Wrapped in a function. Included scale which makes setting tol more robust.

const1D = \(x, tol = .01) {
  stopifnot(is.numeric(x), is.numeric(tol))
  b = abs(diff(scale(x))) <= tol
  o = b[c(TRUE, !b[-length(b)] == b[-1L])]
  i = 1L + which(diff(b) != 0L)
  split(x, cumsum(seq_along(x) %in% i))[o]
}
vapply(const1D(tga.data$Unsubtracted.Weight), mean, numeric(1L))

Code

tol = .01
b = abs(diff(tga.data$Unsubtracted.Weight)) <= tol
o = b[c(TRUE, !b[-length(b)] == b[-1L])]
i = 1L + which(diff(b) != 0L)
l = with(tga.data, split(Unsubtracted.Weight, 
                         cumsum(seq_along(Unsubtracted.Weight) %in% i)))
vapply(l[o], mean, numeric(1L))
#>         1         3 
#> 2.4108065 0.8798155

Plot

with(tga.data, plot(x = Sample.Temperature, y = Unsubtracted.Weight,
                    col = c('red','blue')[b+1L], pch = ".", cex = 3L))

---

Note

More sophisticated approaches would involve change-point detection algorithms.

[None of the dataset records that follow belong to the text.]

Lemma count_has_flatten (T : Type) (a : pred T) (ss : seq (seq T)) :
  (count (has a) ss <= count a (flatten ss))%N.
Proof.
elim: ss => [|s ss IH] //=; rewrite count_cat leq_add //.
by rewrite has_count; case: (count a s).
Qed.

Lemma count_has_flatten_eq (T : eqType) (a : pred T) (ss : seq (seq T)) :
  (forall s, s \in ss -> (count a s <= 1)%N) ->
  count (has a) ss = count a (flatten ss).
Proof.
elim: ss => [|s ss IH] //= hle; rewrite count_cat -IH => [|t ht]; last first.
  by apply: hle; rewrite in_cons ht orbT.
have := hle s (mem_head _ _); rewrite has_count.
by case: (count a s) => [|[]].
Qed.

Lemma count_has_le_perm (T : eqType) (a : pred T) (ss ss' : seq (seq T)) :
  perm_eq (flatten ss') (flatten ss) -> (forall s, s \in ss' -> (count a s <= 1)%N) ->
  (count (has a) ss <= count (has a) ss')%N.
Proof.
by move=> hperm hle; rewrite (count_has_flatten_eq hle) (permP hperm) count_has_flatten.
Qed.

Lemma sum_ltn_ord m (F G : 'I_m -> nat) i0 :
  (forall i, (F i <= G i)%N) -> (F i0 < G i0)%N ->
  (\sum_(i < m) F i < \sum_(i < m) G i)%N.
Proof.
move=> hle hlt; rewrite (bigD1 i0) // [X in (_ < X)%N](bigD1 i0) //=.
by rewrite -addSn leq_add // leq_sum.
Qed.

Section Weights.
Context {R : realType} {n : nat} (p : 'I_n -> R).
Hypothesis p_ge0 : forall j, 0 <= p j.

Lemma pB_ge0 B : 0 <= pB p B.
Proof. exact: sumr_ge0. Qed.

Lemma pB_rcons B j : pB p (rcons B j) = pB p B + p j.
Proof. by rewrite /pB big_rcons. Qed.

Lemma le_p_pB B x : x \in B -> p x <= pB p B.
Proof. by move=> hx; rewrite /pB (big_rem x hx) /= lerDl sumr_ge0. Qed.

Definition placed_ge_pending (bs : seq (bag n)) (js : seq 'I_n) : Prop :=
  forall x y, x \in flatten bs -> y \in js -> p y <= p x.

Definition prefix_le_bags (bs : seq (bag n)) : Prop :=
  forall B0 j, rcons B0 j \in bs -> forall B, B \in bs -> pB p B0 <= pB p B.

Definition last_lightest (bs : seq (bag n)) : Prop :=
  forall B0 j, rcons B0 j \in bs -> forall x, x \in B0 -> p j <= p x.

(* [prefix_le_bags] holds because loads only grow: when the last job of a bag
   arrived, that bag was a lightest one. *)
Lemma lpt_run_inv bs js out :
  lpt_run p bs js out -> sorted (fun a b => p b <= p a) js ->
  placed_ge_pending bs js -> prefix_le_bags bs -> last_lightest bs ->
  [/\ prefix_le_bags out, last_lightest out, size out = size bs
    & perm_eq (flatten out) (flatten bs ++ js)].
Proof.
elim=> {bs js out} [bs|bs j js k bs' hk hmin _ IH] hs hge hpre hlast.
  by split; rewrite ?cats0.
set N := nth [::] bs k; set bs1 := set_nth [::] bs k (rcons N j).
have hjs : all (fun y => p y <= p j) js.
  by apply: order_path_min hs => b a c h1 h2; apply: le_trans h2 h1.
have hN : forall x, x \in N -> x \in flatten bs by move=> x; apply: mem_flatten_nth.
have hNmin : forall B, B \in bs -> pB p N <= pB p B.
  by move=> B /(nthP [::]) [k' hk' <-]; apply: hmin.
have hlow : forall B, B \in bs1 -> exists2 B', B' \in bs & pB p B' <= pB p B.
  move=> B /(mem_set_nth_inv hk) [->|hB]; last by exists B.
  by exists N; rewrite ?mem_nth // pB_rcons lerDl.
have hge1 : placed_ge_pending bs1 js.
  move=> x y /(mem_flatten_set_nth hk) [hx|hx] hy; last first.
    by apply: hge => //; rewrite in_cons hy orbT.
  move: hx; rewrite mem_rcons in_cons => /orP [/eqP ->|hx]; first exact: (allP hjs).
  by apply: hge; rewrite ?hN // in_cons hy orbT.
have hpre1 : prefix_le_bags bs1.
  move=> B0 j' /(mem_set_nth_inv hk) [/rcons_inj [-> _]|hB] B /hlow [B' hB' le'].
    exact: le_trans (hNmin _ hB') le'.
  exact: le_trans (hpre _ _ hB _ hB') le'.
have hlast1 : last_lightest bs1.
  move=> B0 j' /(mem_set_nth_inv hk) [/rcons_inj [-> ->]|hB] x hx.
    by apply: hge; rewrite ?hN ?mem_head.
  exact: hlast hB x hx.
have [hpre' hlast' hsz hperm] := IH (path_sorted hs) hge1 hpre1 hlast1.
split=> //; first by rewrite hsz size_set_nth; apply/maxn_idPr.
apply: perm_trans hperm _; rewrite -cat1s catA perm_cat2r cats1.
exact: perm_flatten_set_nth_rcons.
Qed.

Lemma LPT_inv jobs l out : LPT p jobs l out ->
  [/\ prefix_le_bags out, last_lightest out, size out = l & perm_eq (flatten out) jobs].
Proof.
case=> js [hperm [hs hrun]].
have hge0 : placed_ge_pending (nseq l [::]) js by move=> x y; rewrite flatten_nseq_nil.
have hpre0 : prefix_le_bags (nseq l [::]).
  by move=> B0 j; rewrite mem_nseq => /andP [_ /eqP]; case: B0.
have hlast0 : last_lightest (nseq l [::]).
  by move=> B0 j; rewrite mem_nseq => /andP [_ /eqP]; case: B0.
have [hpre hlast hsz hperm'] := lpt_run_inv hrun hs hge0 hpre0 hlast0.
rewrite size_nseq flatten_nseq_nil /= in hsz hperm'.
by split=> //; apply: perm_trans hperm' hperm.
Qed.

Section LPTBags.
Variable out : seq (bag n).
Hypotheses (out_pre : prefix_le_bags out) (out_last : last_lightest out).

Lemma lpt_job_le_bag B B' x : B \in out -> B' \in out -> (2 <= size B)%N ->
  x \in B -> p x <= pB p B'.
Proof.
move=> hB hB'; case/lastP E: B hB => [|B0 l] //; rewrite size_rcons => hB.
case: B0 E hB => [|y B1] // E hB _.
have h1 := out_pre hB hB'.
have h2 := le_p_pB (mem_head y B1).
rewrite mem_rcons in_cons => /orP [/eqP ->|hx].
  by apply: le_trans (out_last hB (mem_head _ _)) _; lra.
by apply: le_trans (le_p_pB hx) h1.
Qed.

Lemma lpt_bag_le2_of_jobs B B' : B \in out -> B' \in out ->
  (forall x, x \in B -> p x <= pB p B') -> pB p B <= 2 * pB p B'.
Proof.
move=> hB hB' hx; case/lastP E: B hB hx => [|B0 l] hB hx.
  by rewrite /pB big_nil mulr_ge0 ?pB_ge0.
have := out_pre hB hB'; have := hx l; rewrite mem_rcons mem_head pB_rcons.
by move=> /(_ isT); lra.
Qed.

Lemma lpt_bag_le2 B B' : B \in out -> B' \in out -> (2 <= size B)%N ->
  pB p B <= 2 * pB p B'.
Proof.
by move=> hB hB' hs; apply: lpt_bag_le2_of_jobs => // x; apply: lpt_job_le_bag.
Qed.

End LPTBags.

Section LightWeight.
Variable big : pred 'I_n.

Definition light (B : bag n) : R := \sum_(x <- B | ~~ big x) p x.

Lemma light_nobig B : ~~ has big B -> light B = pB p B.
Proof.
by rewrite -all_predC /light -big_filter => /all_filterP ->.
Qed.

Lemma sum_light_ge (ss : seq (bag n)) c :
  (forall B, B \in ss -> ~~ has big B -> c <= pB p B) ->
  (count (predC (has big)) ss)%:R * c <= \sum_(B <- ss) light B.
Proof.
elim: ss => [|B ss IH] hc; first by rewrite big_nil mul0r.
have {}IH : (count (predC (has big)) ss)%:R * c <= \sum_(B <- ss) light B.
  by apply: IH => B' hB'; apply: hc; rewrite in_cons hB' orbT.
rewrite big_cons /=; case: (boolP (has big B)) => hb /=.
  by rewrite add0n -[X in X <= _]add0r lerD // sumr_ge0.
by rewrite add1n mulrSr mulrDl mul1r addrC lerD // light_nobig // hc ?mem_head.
Qed.

Lemma sum_light_le (ss : seq (bag n)) c : 0 <= c ->
  (forall B, B \in ss -> has big B -> (size B <= 1)%N) ->
  (forall B, B \in ss -> ~~ has big B -> pB p B <= c) ->
  \sum_(B <- ss) light B <= (count (predC (has big)) ss)%:R * c.
Proof.
move=> c0; elim: ss => [|B ss IH] hbig hc; first by rewrite big_nil mul0r.
have {}IH : \sum_(B <- ss) light B <= (count (predC (has big)) ss)%:R * c.
  by apply: IH => B' hB'; [apply: hbig | apply: hc]; rewrite in_cons hB' orbT.
rewrite big_cons /=; case: (boolP (has big B)) => hb /=.
  have := hbig B (mem_head _ _) hb; move: hb; case: B {hbig hc} => [|x []] //=.
  by rewrite orbF => hx _; rewrite /light big_cons big_nil hx add0r.
by rewrite add1n mulrSr mulrDl mul1r addrC lerD // light_nobig // hc ?mem_head.
Qed.

End LightWeight.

Bayesian versions might be a good idea. For reference, have a look at beast() or beast.irreg() from {Rbeast}. Probably, at first sight, you will find the list of arguments (and the help file) overwhelmeing. If all your data series are single S-shaped curves (sigmoid(x) or, more precisly, -sigmoid(x) functions), this might be shooting at sparrows with cannons. Nonetheless, you will need to find a way to exclude the inflection points then, as those functions have exactly one.